Every single entry must be reproduced precisely.

Collected data:
◇ ◇ ◇ ◇ ◇

Lemma is_derive_sumn n (F : nat -> R -> R) (dF : nat -> R) x :
  (forall i, (i < n)%nat -> is_derive (F i) x (dF i)) ->
  is_derive (fun x => sumn_R n (fun i => F i x)) x (sumn_R n dF).
Proof.
  induction n as [|n IH]; simpl; intros Hd.
  - exact (is_derive_const 0 x).
  - apply (is_derive_plus (fun x => sumn_R n (fun i => F i x)) (F n)).
    + apply IH. intros i Hi. apply Hd. lia.
    + apply Hd. lia.
Qed.

Lemma equicontinuous_in_y_sumn n (F : nat -> R -> R -> R) a b :
  (forall i, (i < n)%nat -> equicontinuous_in_y (F i) a b) ->
  equicontinuous_in_y (fun t y => sumn_R n (fun i => F i t y)) a b.
Proof.
  induction n as [|n IH]; simpl; intros HF.
  - exact (equicontinuous_in_y_indep (fun _ => 0) a b).
  - apply (equicontinuous_in_y_plus (fun t y => sumn_R n (fun i => F i t y)) (F n)).
    + apply IH. intros i Hi. apply HF. lia.
    + apply HF. lia.
Qed.

Lemma locally_open_interval a b t : a < t < b -> locally t (fun s => a < s < b).
Proof.
  intros Ht. assert (Hr : 0 < Rmin (t - a) (b - t)) by (apply Rmin_case; lra).
  exists (mkposreal _ Hr). intros s Hs. change (Rabs (s - t) < Rmin (t - a) (b - t)) in Hs.
  pose proof (Rmin_l (t - a) (b - t)). pose proof (Rmin_r (t - a) (b - t)).
  apply Rabs_def2 in Hs. lra.
Qed.

Lemma cont_on_continuity_pt a b f t : cont_on a b f -> a < t < b -> continuity_pt f t.
Proof.
  intros Hf Ht. apply continuity_pt_filterlim. intros P HP.
  specialize (Hf t ltac:(lra) P HP). unfold filtermap, within in *.
  apply (filter_imp (fun s => a < s < b /\ (a <= s <= b -> P (f s)))).
  - intros s [Hs HPs]. apply HPs. lra.
  - apply filter_and; [apply locally_open_interval, Ht|exact Hf].
Qed.

Lemma eigenfunction_is_derive G W mu h e t :
  is_eigenfunction G W mu h -> (e < nE G)%nat -> 0 < t < len G e ->
  is_derive (h e) t (Derive (h e) t) /\ is_derive (Derive (h e)) t ((W e t - mu) * h e t).
Proof.
  intros [dh [Hdh _]] He Ht.
  destruct (Hdh e He) as [[_ [_ Hd]] Hin].
  assert (HD : forall s, 0 < s < len G e -> Derive (h e) s = dh e s)
    by (intros s Hs; apply is_derive_unique, Hd, Hs).
  split.
  - rewrite HD by exact Ht. apply Hd, Ht.
  - destruct (Hin t Ht) as [Hex Heq].
    apply (is_derive_ext_loc (dh e)).
    + generalize (locally_open_interval 0 (len G e) t Ht). apply filter_imp.
      intros s Hs. symmetry. apply HD, Hs.
    + replace ((W e t - mu) * h e t) with (Derive (dh e) t) by lra.
      apply Derive_correct, Hex.
Qed.

Definition heat_comb_dt (lam : nat -> R) (f : nat -> gfun) (M : nat) (kk : nat -> nat)
  (a : nat -> R) (e : nat) (t y : R) : R :=
  sumn_R M (fun i => a i * exp (- lam (kk i) * y) * Derive (f (kk i) e) t).

Definition heat_comb_dtt (W : gfun) (lam : nat -> R) (f : nat -> gfun) (M : nat)
  (kk : nat -> nat) (a : nat -> R) (e : nat) (t y : R) : R :=
  sumn_R M (fun i => a i * exp (- lam (kk i) * y) * ((W e t - lam (kk i)) * f (kk i) e t)).

Lemma heat_comb_heat_solution G W lam f M kk a e ta tb :
  (forall k, is_eigenfunction G W (lam k) (f k)) -> (e < nE G)%nat -> 0 < ta -> tb < len G e ->
  heat_solution (W e) (heat_comb lam f M kk a e) (heat_comb_dt lam f M kk a e)
    (heat_comb_dtt W lam f M kk a e) ta tb.
Proof.
  intros Heig He Hta Htb. unfold heat_comb, heat_comb_dt, heat_comb_dtt. split.
  - intros t y Ht. split.
    + apply (is_derive_sumn M (fun i s => a i * exp (- lam (kk i) * y) * f (kk i) e s)).
      intros i _. apply is_derive_scal.
      apply (eigenfunction_is_derive G W (lam (kk i))); auto; lra.
    + apply (is_derive_sumn M (fun i s => a i * exp (- lam (kk i) * y) * Derive (f (kk i) e) s)).
      intros i _. apply is_derive_scal.
      apply (eigenfunction_is_derive G W (lam (kk i))); auto; lra.
  - intros t y Ht. rewrite sumn_R_minus_scal.
    apply (is_derive_sumn M (fun i y => a i * exp (- lam (kk i) * y) * f (kk i) e t)).
    intros i _. auto_derive; [exact I|ring].
Qed.

Lemma heat_comb_equicontinuous G W lam f M kk a e ta tb :
  (forall k, is_eigenfunction G W (lam k) (f k)) -> (e < nE G)%nat ->
  0 < ta -> ta <= tb -> tb < len G e ->
  equicontinuous_in_y (heat_comb lam f M kk a e) ta tb.
Proof.
  intros Heig He Hta Hab Htb. unfold heat_comb.
  apply (equicontinuous_in_y_sumn M (fun i t y => a i * exp (- lam (kk i) * y) * f (kk i) e t)).
  intros i _.
  apply (equicontinuous_in_y_scale (fun y => a i * exp (- lam (kk i) * y)) (fun t _ => f (kk i) e t));
    [exact Hab|apply continuity_pt_scaled_exp|intros t y Ht|apply equicontinuous_in_y_indep].
  apply derivable_continuous_pt. exists (Derive (f (kk i) e) t). apply is_derive_Reals.
  apply (eigenfunction_is_derive G W (lam (kk i))); auto; lra.
Qed.

Theorem lemma6 (G : metric_graph) (W : gfun) (lam : nat -> R) (f : nat -> gfun)
  (M : nat) (kk : nat -> nat) (a : nat -> R) :
  graph_connected G ->
  potential_C1 G W ->
  eigen_system G W lam f ->
  W_generic G W ->
  (forall i j, (i < j)%nat -> (j < M)%nat -> (kk i < kk j)%nat) ->
  (forall i, (i < M)%nat -> a i <> 0) ->
  forall e t0 y0, ~ isolated_interior_zero G (heat_comb lam f M kk a) e t0 y0.
Proof.
  intros _ [HW _] [_ [Heig _]] _ _ _ e t0 y0 [He [Ht0 [Hz [delta [Hdelta Hiso]]]]].
  destruct (HW e He) as [dW [HWcont _]].
  set (ta := t0 / 2). set (tb := (t0 + len G e) / 2).
  apply (heat_solution_zero_not_isolated (W e) (heat_comb lam f M kk a e)
           (heat_comb_dt lam f M kk a e) (heat_comb_dtt W lam f M kk a e) ta tb t0 y0 delta).
  - unfold ta, tb. lra.
  - apply (cont_on_continuity_pt 0 (len G e)); [exact HWcont|lra].
  - apply (heat_comb_heat_solution G); auto; unfold ta, tb; lra.
  - apply (heat_comb_equicontinuous G W); auto; unfold ta, tb; lra.
  - exact Hz.
  - exact Hdelta.
  - intros t y Ht. apply Hiso. unfold ta, tb in Ht. lra.
Qed.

◇ ◇ ◇ ◇ ◇

_Answer box:_
Lemma is_derive_sumn n (F : nat -> R -> R) (dF : nat -> R) x :
  (forall i, (i < n)%nat -> is_derive (F i) x (dF i)) ->
  is_derive (fun x => sumn_R n (fun i => F i x)) x (sumn_R n dF).
Proof.
  induction n as [|n IH]; simpl; intros Hd.
  - exact (is_derive_const 0 x).
  - apply (is_derive_plus (fun x => sumn_R n (fun i => F i x)) (F n)).
    + apply IH. intros i Hi. apply Hd. lia.
    + apply Hd. lia.
Qed.

Lemma equicontinuous_in_y_sumn n (F : nat -> R -> R -> R) a b :
  (forall i, (i < n)%nat -> equicontinuous_in_y (F i) a b) ->
  equicontinuous_in_y (fun t y => sumn_R n (fun i => F i t y)) a b.
Proof.
  induction n as [|n IH]; simpl; intros HF.
  - exact (equicontinuous_in_y_indep (fun _ => 0) a b).
  - apply (equicontinuous_in_y_plus (fun t y => sumn_R n (fun i => F i t y)) (F n)).
    + apply IH. intros i Hi. apply HF. lia.
    + apply HF. lia.
Qed.

Lemma locally_open_interval a b t : a < t < b -> locally t (fun s => a < s < b).
Proof.
  intros Ht. assert (Hr : 0 < Rmin (t - a) (b - t)) by (apply Rmin_case; lra).
  exists (mkposreal _ Hr). intros s Hs. change (Rabs (s - t) < Rmin (t - a) (b - t)) in Hs.
  pose proof (Rmin_l (t - a) (b - t)). pose proof (Rmin_r (t - a) (b - t)).
  apply Rabs_def2 in Hs. lra.
Qed.

Lemma cont_on_continuity_pt a b f t : cont_on a b f -> a < t < b -> continuity_pt f t.
Proof.
  intros Hf Ht. apply continuity_pt_filterlim. intros P HP.
  specialize (Hf t ltac:(lra) P HP). unfold filtermap, within in *.
  apply (filter_imp (fun s => a < s < b /\ (a <= s <= b -> P (f s)))).
  - intros s [Hs HPs]. apply HPs. lra.
  - apply filter_and; [apply locally_open_interval, Ht|exact Hf].
Qed.

Lemma eigenfunction_is_derive G W mu h e t :
  is_eigenfunction G W mu h -> (e < nE G)%nat -> 0 < t < len G e ->
  is_derive (h e) t (Derive (h e) t) /\ is_derive (Derive (h e)) t ((W e t - mu) * h e t).
Proof.
  intros [dh [Hdh _]] He Ht.
  destruct (Hdh e He) as [[_ [_ Hd]] Hin].
  assert (HD : forall s, 0 < s < len G e -> Derive (h e) s = dh e s)
    by (intros s Hs; apply is_derive_unique, Hd, Hs).
  split.
  - rewrite HD by exact Ht. apply Hd, Ht.
  - destruct (Hin t Ht) as [Hex Heq].
    apply (is_derive_ext_loc (dh e)).
    + generalize (locally_open_interval 0 (len G e) t Ht). apply filter_imp.
      intros s Hs. symmetry. apply HD, Hs.
    + replace ((W e t - mu) * h e t) with (Derive (dh e) t) by lra.
      apply Derive_correct, Hex.
Qed.

Definition heat_comb_dt (lam : nat -> R) (f : nat -> gfun) (M : nat) (kk : nat -> nat)
  (a : nat -> R) (e : nat) (t y : R) : R :=
  sumn_R M (fun i => a i * exp (- lam (kk i) * y) * Derive (f (kk i) e) t).

Definition heat_comb_dtt (W : gfun) (lam : nat -> R) (f : nat -> gfun) (M : nat)
  (kk : nat -> nat) (a : nat -> R) (e : nat) (t y : R) : R :=
  sumn_R M (fun i => a i * exp (- lam (kk i) * y) * ((W e t - lam (kk i)) * f (kk i) e t)).

Lemma heat_comb_heat_solution G W lam f M kk a e ta tb :
  (forall k, is_eigenfunction G W (lam k) (f k)) -> (e < nE G)%nat -> 0 < ta -> tb < len G e ->
  heat_solution (W e) (heat_comb lam f M kk a e) (heat_comb_dt lam f M kk a e)
    (heat_comb_dtt W lam f M kk a e) ta tb.
Proof.
  intros Heig He Hta Htb. unfold heat_comb, heat_comb_dt, heat_comb_dtt. split.
  - intros t y Ht. split.
    + apply (is_derive_sumn M (fun i s => a i * exp (- lam (kk i) * y) * f (kk i) e s)).
      intros i _. apply is_derive_scal.
      apply (eigenfunction_is_derive G W (lam (kk i))); auto; lra.
    + apply (is_derive_sumn M (fun i s => a i * exp (- lam (kk i) * y) * Derive (f (kk i) e) s)).
      intros i _. apply is_derive_scal.
      apply (eigenfunction_is_derive G W (lam (kk i))); auto; lra.
  - intros t y Ht. rewrite sumn_R_minus_scal.
    apply (is_derive_sumn M (fun i y => a i * exp (- lam (kk i) * y) * f (kk i) e t)).
    intros i _. auto_derive; [exact I|ring].
Qed.

Lemma heat_comb_equicontinuous G W lam f M kk a e ta tb :
  (forall k, is_eigenfunction G W (lam k) (f k)) -> (e < nE G)%nat ->
  0 < ta -> ta <= tb -> tb < len G e ->
  equicontinuous_in_y (heat_comb lam f M kk a e) ta tb.
Proof.
  intros Heig He Hta Hab Htb. unfold heat_comb.
  apply (equicontinuous_in_y_sumn M (fun i t y => a i * exp (- lam (kk i) * y) * f (kk i) e t)).
  intros i _.
  apply (equicontinuous_in_y_scale (fun y => a i * exp (- lam (kk i) * y)) (fun t _ => f (kk i) e t));
    [exact Hab|apply continuity_pt_scaled_exp|intros t y Ht|apply equicontinuous_in_y_indep].
  apply derivable_continuous_pt. exists (Derive (f (kk i) e) t). apply is_derive_Reals.
  apply (eigenfunction_is_derive G W (lam (kk i))); auto; lra.
Qed.

Theorem lemma6 (G : metric_graph) (W : gfun) (lam : nat -> R) (f : nat -> gfun)
  (M : nat) (kk : nat -> nat) (a : nat -> R) :
  graph_connected G ->
  potential_C1 G W ->
  eigen_system G W lam f ->
  W_generic G W ->
  (forall i j, (i < j)%nat -> (j < M)%nat -> (kk i < kk j)%nat) ->
  (forall i, (i < M)%nat -> a i <> 0) ->
  forall e t0 y0, ~ isolated_interior_zero G (heat_comb lam f M kk a) e t0 y0.
Proof.
  intros _ [HW _] [_ [Heig _]] _ _ _ e t0 y0 [He [Ht0 [Hz [delta [Hdelta Hiso]]]]].
  destruct (HW e He) as [dW [HWcont _]].
  set (ta := t0 / 2). set (tb := (t0 + len G e) / 2).
  apply (heat_solution_zero_not_isolated (W e) (heat_comb lam f M kk a e)
           (heat_comb_dt lam f M kk a e) (heat_comb_dtt W lam f M kk a e) ta tb t0 y0 delta).
  - unfold ta, tb. lra.
  - apply (cont_on_continuity_pt 0 (len G e)); [exact HWcont|lra].
  - apply (heat_comb_heat_solution G); auto; unfold ta, tb; lra.
  - apply (heat_comb_equicontinuous G W); auto; unfold ta, tb; lra.
  - exact Hz.
  - exact Hdelta.
  - intros t y Ht. apply Hiso. unfold ta, tb in Ht. lra.
Qed.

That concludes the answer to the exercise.